═══ MATERIALS PROVIDED
(* Let $V$ be a finite-dimensional vector space over $\mathbb{Q}$, let $h\in GL(V)$ and let $h=h_sh_u$ be its Chevalley (Jordan) decomposition, with $h_s$ semisimple, $h_u$ unipotent and $h_sh_u=h_uh_s$. Then $\mathrm{ht}(h)=\mathrm{ht}(h_s)$.
   Context: A lattice of $V$ is a finitely generated subgroup containing a basis of $V$. For $h\in GL(V)$, $\mathrm{ht}(h)$ is the minimum of $[\Lambda:E]$ over all pairs of lattices $E\subset\Lambda$ of $V$ with $h(E)\subset\Lambda$. *)

From HB Require Import structures.
From mathcomp Require Import all_boot all_order all_algebra all_field.
Set Implicit Arguments. Unset Strict Implicit. Unset Printing Implicit Defensive.
Import Order.TTheory GRing.Theory Num.Theory.
Local Open Scope ring_scope.

(* V = Q^n realised as row vectors 'rV[rat]_n; a linear map h acts by v |-> v *m h. *)

Definition vset (n : nat) := 'rV[rat]_n -> Prop.

Definition zspan (n : nat) (gs : seq 'rV[rat]_n) : vset n :=
  fun v => exists c : 'I_(size gs) -> int,
    v = \sum_(i < size gs) (gs`_i) *~ c i.

Definition lattice (n : nat) (L : vset n) : Prop :=
  (exists gs : seq 'rV[rat]_n, forall v, L v <-> zspan gs v) /\
  (exists B : 'M[rat]_n, B \in unitmx /\ forall i, L (row i B)).

Definition has_index (n : nat) (L E : vset n) (k : nat) : Prop :=
  exists r : 'I_k -> 'rV[rat]_n,
    (forall i, L (r i)) /\
    (forall i j, E (r i - r j) -> i = j) /\
    (forall x, L x -> exists i, E (x - r i)).

Definition admissible_index (n : nat) (h : 'M[rat]_n) (k : nat) : Prop :=
  exists L E : vset n, lattice L /\ lattice E /\
    (forall v, E v -> L v) /\ (forall v, E v -> L (v *m h)) /\
    has_index L E k.

Definition is_ht (n : nat) (h : 'M[rat]_n) (k : nat) : Prop :=
  admissible_index h k /\ forall k', admissible_index h k' -> (k <= k')%N.

Definition semisimple (n : nat) (A : 'M[rat]_n) : Prop :=
  diagonalizable (map_mx (ratr : rat -> algC) A).

Definition unipotent (n : nat) (A : 'M[rat]_n) : Prop :=
  exists k : nat, iter k (mulmx (A - 1%:M)) (1%:M : 'M[rat]_n) = 0.

From HB Require Import structures.
From mathcomp Require Import all_boot all_order all_algebra all_field.
From mathcomp Require Import boolp classical_sets.
Set Implicit Arguments. Unset Strict Implicit. Unset Printing Implicit Defensive.
Import Order.TTheory GRing.Theory Num.Theory.
Local Open Scope ring_scope.
Local Open Scope classical_set_scope.
(* Let $g,h,K$ be complex numbers with $K\neq\tfrac12$, and set $K'=K(2K-1)^{-1}$. For any complex $L$ let $$\hat R(L;g,h)=\begin{pmatrix}1&-hL&hL&ghL\\0&1-L&L&gL\\0&L&1-L&-gL\\0&0&0&1\end{pmatrix},\qquad R(L;g,h)=P\hat R(L;g,h).$$ Then $R(K';g,h)$ is invertible and $$P\,R(K;g,h)\,P=\big(R(K';g,h)\big)^{-1}.$$
   Context: Matrices are written in the ordered basis $e_1\otimes e_1,e_1\otimes e_2,e_2\otimes e_1,e_2\otimes e_2$ of $\mathbb{C}^2\otimes\mathbb{C}^2$; $P$ is the flip matrix, i.e. the $4\times4$ permutation matrix swapping the second and third basis vectors. The matrix $PRP$ is what the paper denotes $(21)R$. *)

From HB Require Import structures.
From mathcomp Require Import all_boot all_order all_algebra.
From mathcomp Require Import complex.
From mathcomp Require Import reals.
Set Implicit Arguments. Unset Strict Implicit. Unset Printing Implicit Defensive.
Import GRing.Theory Num.Theory.
Local Open Scope ring_scope.
Local Open Scope complex_scope.

(* Basis order: e1(x)e1, e1(x)e2, e2(x)e1, e2(x)e2  ~ indices 0,1,2,3. *)

Definition flipP {F : nzRingType} : 'M[F]_4 :=
  \matrix_(i < 4, j < 4)
   nth 0 (nth [::] [:: [:: 1; 0; 0; 0];
                       [:: 0; 0; 1; 0];
                       [:: 0; 1; 0; 0];
                       [:: 0; 0; 0; 1]] i) j.

Definition Rhat {F : comNzRingType} (L g h : F) : 'M[F]_4 :=
  \matrix_(i < 4, j < 4)
   nth 0 (nth [::] [:: [:: 1; - h * L; h * L; g * h * L];
                       [:: 0; 1 - L; L; g * L];
                       [:: 0; L; 1 - L; - g * L];
                       [:: 0; 0; 0; 1]] i) j.

Definition Rmat {F : comNzRingType} (L g h : F) : 'M[F]_4 := flipP *m Rhat L g h.

(** The matrices [Rhat L] form a one-parameter family closed under
    multiplication: [Rhat L *m Rhat M = Rhat (L + M - 2 L M)], the
    "parameter" [1 - 2 L] being multiplicative.  Since [P] is an involution,
    [P (P Rhat K) P = Rhat K P] is a left inverse of [P Rhat K'] as soon as
    [K + K' - 2 K K' = 0], which is exactly how [K' = K / (2 K - 1)] is
    chosen. *)

From HB Require Import structures.
From mathcomp Require Import all_boot all_order all_algebra.
From mathcomp Require Import complex reals.
From mathcomp Require Import ring.
Import GRing.Theory Num.Theory.
Local Open Scope ring_scope.
Local Open Scope complex_scope.

Lemma flipP_invol (F : nzRingType) : (flipP : 'M[F]_4) *m flipP = 1%:M.
Proof.
apply/matrixP => i j; rewrite !mxE !big_ord_recr big_ord0 /= !mxE.
by case: i => [[|[|[|[|i]]]] Hi] //; case: j => [[|[|[|[|j]]]] Hj] //=;
  rewrite !(mul0r, mul1r, add0r, addr0).
Qed.

Section Rhat.

Context {F : comNzRingType}.

Lemma Rhat0 (g h : F) : Rhat 0 g h = 1%:M.
Proof.
apply/matrixP => i j; rewrite !mxE.
by case: i => [[|[|[|[|i]]]] Hi] //; case: j => [[|[|[|[|j]]]] Hj] //=;
  rewrite ?mxE /=; ring.
Qed.

Lemma Rhat_mul (L M g h : F) :
  Rhat L g h *m Rhat M g h = Rhat (L + M - 2 * L * M) g h.
Proof.
apply/matrixP => i j; rewrite !mxE !big_ord_recr big_ord0 /= !mxE.
by case: i => [[|[|[|[|i]]]] Hi] //; case: j => [[|[|[|[|j]]]] Hj] //=;
  rewrite ?mxE /=; ring.
Qed.

Lemma flipP_conj_Rmat (K g h : F) :
  flipP *m Rmat K g h *m flipP = Rhat K g h *m flipP.
Proof. by rewrite /Rmat mulmxA flipP_invol mul1mx. Qed.

Lemma Rmat_conj_mulmx (L M g h : F) :
  flipP *m Rmat L g h *m flipP *m Rmat M g h = Rhat (L + M - 2 * L * M) g h.
Proof.
by rewrite flipP_conj_Rmat /Rmat -mulmxA (mulmxA flipP) flipP_invol mul1mx
  Rhat_mul.
Qed.

End Rhat.

Lemma Rmat_unit_conj_inv (F : comUnitRingType) (L M g h : F) :
  L + M - 2 * L * M = 0 ->
  Rmat M g h \in unitmx /\ flipP *m Rmat L g h *m flipP = invmx (Rmat M g h).
Proof.
move=> LM0; have inv_l := Rmat_conj_mulmx L M g h.
rewrite LM0 Rhat0 in inv_l.
have unitM : Rmat M g h \in unitmx by case/mulmx1_unit: inv_l.
split=> //; by rewrite -[LHS]mulmx1 -(mulmxV unitM) mulmxA inv_l mul1mx.
Qed.

Theorem mainTheorem10 (R : realType) (g h K : R[i]) :
  K != 2^-1 ->
  let K' := K / (2 * K - 1) in
  Rmat K' g h \in unitmx /\
  flipP *m Rmat K g h *m flipP = invmx (Rmat K' g h).
Proof.
move=> K_neq_half K'; apply: Rmat_unit_conj_inv.
have den_neq0 : 2 * K - 1 != 0.
  apply: contra K_neq_half; rewrite subr_eq0 => /eqP twoK1.
  have two_neq0 : (2 : R[i]) != 0 by rewrite pnatr_eq0.
  by apply/eqP/(mulfI two_neq0); rewrite twoK1 mulfV.
by rewrite /K'; field.
Qed.
(* The set consisting of the NOR gate and fanout gates (with any number of outputs) parsimoniously simulates, via planar simulations, each of the OR gate, the AND gate, and the crossover.
   Context: A gadget consists of a finite set of ports, equipped with a cyclic order, and a constraint, which is a set of subsets of the ports. A network of gadgets from $S$ is a finite undirected multigraph whose vertices are labeled by gadgets from $S$, each vertex's edge incidences being in bijection with the ports of its label. An assignment orients every edge; a vertex is satisfied if the set of its ports whose edges point into it belongs to its constraint. A simulation using gadgets from $S$ is a network of gadgets from $S$ that may additionally have dangling edges, each incident to only one vertex (equivalently, an extra outside-world vertex whose constraint contains every subset). It is planar if the graph including the outside world has a planar embedding respecting the port cyclic orders; the simulated gadget's ports are then the dangling edges in their order around the simulation. The simulated gadget's constraint consists of each set $D$ of dangling edges such that some assignment satisfying every non-outside-world vertex makes exactly the dangling edges in $D$ point into the simulation. A simulation is parsimonious if for each set in the simulated gadget's constraint there is exactly one such satisfying assignment realizing it; $S$ parsimoniously simulates $G$ if some parsimonious simulation using gadgets from $S$ has simulated gadget $G$. Gadgets: NOR gate: ports $a,b,c$, constraint $\{\emptyset,\{a,c\},\{b,c\},\{a,b,c\}\}$. $k$-way fanout gate: ports $a,c_1,\dots,c_k$, constraint $\{\{a\},\{c_1,\dots,c_k\}\}$. OR gate: ports $a,b,c$, constraint $\{\{c\},\{a\},\{b\},\{a,b\}\}$. AND gate: ports $a,b,c$, constraint $\{\{c\},\{a,c\},\{b,c\},\{a,b\}\}$. Crossover: ports $a_1,b_1,a_2,b_2$ in this cyclic order, constraint $\{\{a_1,b_1\},\{a_2,b_1\},\{a_1,b_2\},\{a_2,b_2\}\}$. *)

From mathcomp Require Import all_boot.
Set Implicit Arguments. Unset Strict Implicit. Unset Printing Implicit Defensive.

(* A gadget: ports are 'I_nports, the cyclic order being 0,1,...,nports-1
   (successor ordS); the constraint is a set of subsets of the ports. *)
Record gadget := Gadget {
  nports : nat;
  constr : {set {set 'I_nports}} }.

Definition NOR : gadget :=
  @Gadget 3 [set set0; [set inord 0; inord 2]; [set inord 1; inord 2];
                     [set inord 0; inord 1; inord 2]].
Definition fanout (k : nat) : gadget :=
  @Gadget k.+1 [set [set ord0]; [set i : 'I_k.+1 | i != ord0]].
Definition OR : gadget :=
  @Gadget 3 [set [set inord 2]; [set inord 0]; [set inord 1];
                 [set inord 0; inord 1]].
Definition AND : gadget :=
  @Gadget 3 [set [set inord 2]; [set inord 0; inord 2]; [set inord 1; inord 2];
                 [set inord 0; inord 1]].
(* crossover: ports a1,b1,a2,b2 = 0,1,2,3 in this cyclic order *)
Definition crossover : gadget :=
  @Gadget 4 [set [set inord 0; inord 1]; [set inord 2; inord 1];
                 [set inord 0; inord 3]; [set inord 2; inord 3]].

Definition NOR_fanout (g : gadget) : Prop :=
  g = NOR \/ exists k, 0 < k /\ g = fanout k.

(* ---------- simulations ----------
   A simulation with m dangling edges: nv vertices labelled by gadgets,
   darts (half-edges) are the ports of the vertices (inl) together with the
   m ports of the outside-world vertex (inr), and [edge] is the pairing of
   darts into edges. *)
Record sim (m : nat) := Sim {
  nv : nat;
  lab : 'I_nv -> gadget;
  edge : ({v : 'I_nv & 'I_(nports (lab v))} + 'I_m)%type ->
         ({v : 'I_nv & 'I_(nports (lab v))} + 'I_m)%type }.

Arguments nv {m} s.
Arguments lab {m} s _.
Arguments edge {m} s _.

Section Sim.
Variables (m : nat) (s : sim m).

Local Notation sdart := ({v : 'I_(nv s) & 'I_(nports (lab s v))} + 'I_m)%type.

Definition wf_sim (S : gadget -> Prop) : Prop :=
  (forall v, S (lab s v)) /\
  (forall d : sdart, edge s (edge s d) = d) /\
  (forall d : sdart, edge s d <> d) /\
  (forall i : 'I_m, exists x, edge s (inr i) = inl x).

(* rotation system: around each vertex (including the outside world) the
   darts are in the cyclic order of the ports *)
Definition rot (d : sdart) : sdart :=
  match d with
  | inl x => inl (Tagged (fun v => 'I_(nports (lab s v))) (ordS (tagged x)))
  | inr i => inr (ordS i)
  end.

Definition face_perm (d : sdart) : sdart := rot (edge s d).

Definition adj_rel : rel sdart :=
  fun x y => (y == edge s x) || (y == rot x).

(* Planarity of the graph including the outside world with the given
   rotation system (Heffter-Edmonds): Euler's formula V - E + F = 2 holds in
   every connected component, i.e. 2V + 2F = #darts + 4C (each component has
   V - E + F <= 2).  Vertices without ports (isolated, trivially planar) are
   not darts and are irrelevant. *)
Definition planar_sim : Prop :=
  ((fcard rot predT + fcard face_perm predT).*2 =
     #|predT : pred sdart| + 4 * n_comp adj_rel predT)%N.

(* assignments: a boolean on each dart, true iff the edge points into the
   endpoint owning that dart; the two darts of an edge get opposite values,
   so these are exactly the orientations of all edges *)
Definition assignment (dir : {ffun sdart -> bool}) : Prop :=
  forall d, dir (edge s d) = ~~ dir d.

Definition satisfied (dir : {ffun sdart -> bool}) : Prop :=
  forall v : 'I_(nv s),
    [set p | dir (inl (Tagged (fun v => 'I_(nports (lab s v))) p))]
      \in constr (lab s v).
══════
REQUIRED ACTION
Please filter the entries for the word "semisimple" and copy the lines that have it.

OUTPUT FOR THIS TASK
(* Let $V$ be a finite-dimensional vector space over $\mathbb{Q}$, let $h\in GL(V)$ and let $h=h_sh_u$ be its Chevalley (Jordan) decomposition, with $h_s$ semisimple, $h_u$ unipotent and $h_sh_u=h_uh_s$. Then $\mathrm{ht}(h)=\mathrm{ht}(h_s)$.
Definition semisimple (n : nat) (A : 'M[rat]_n) : Prop :=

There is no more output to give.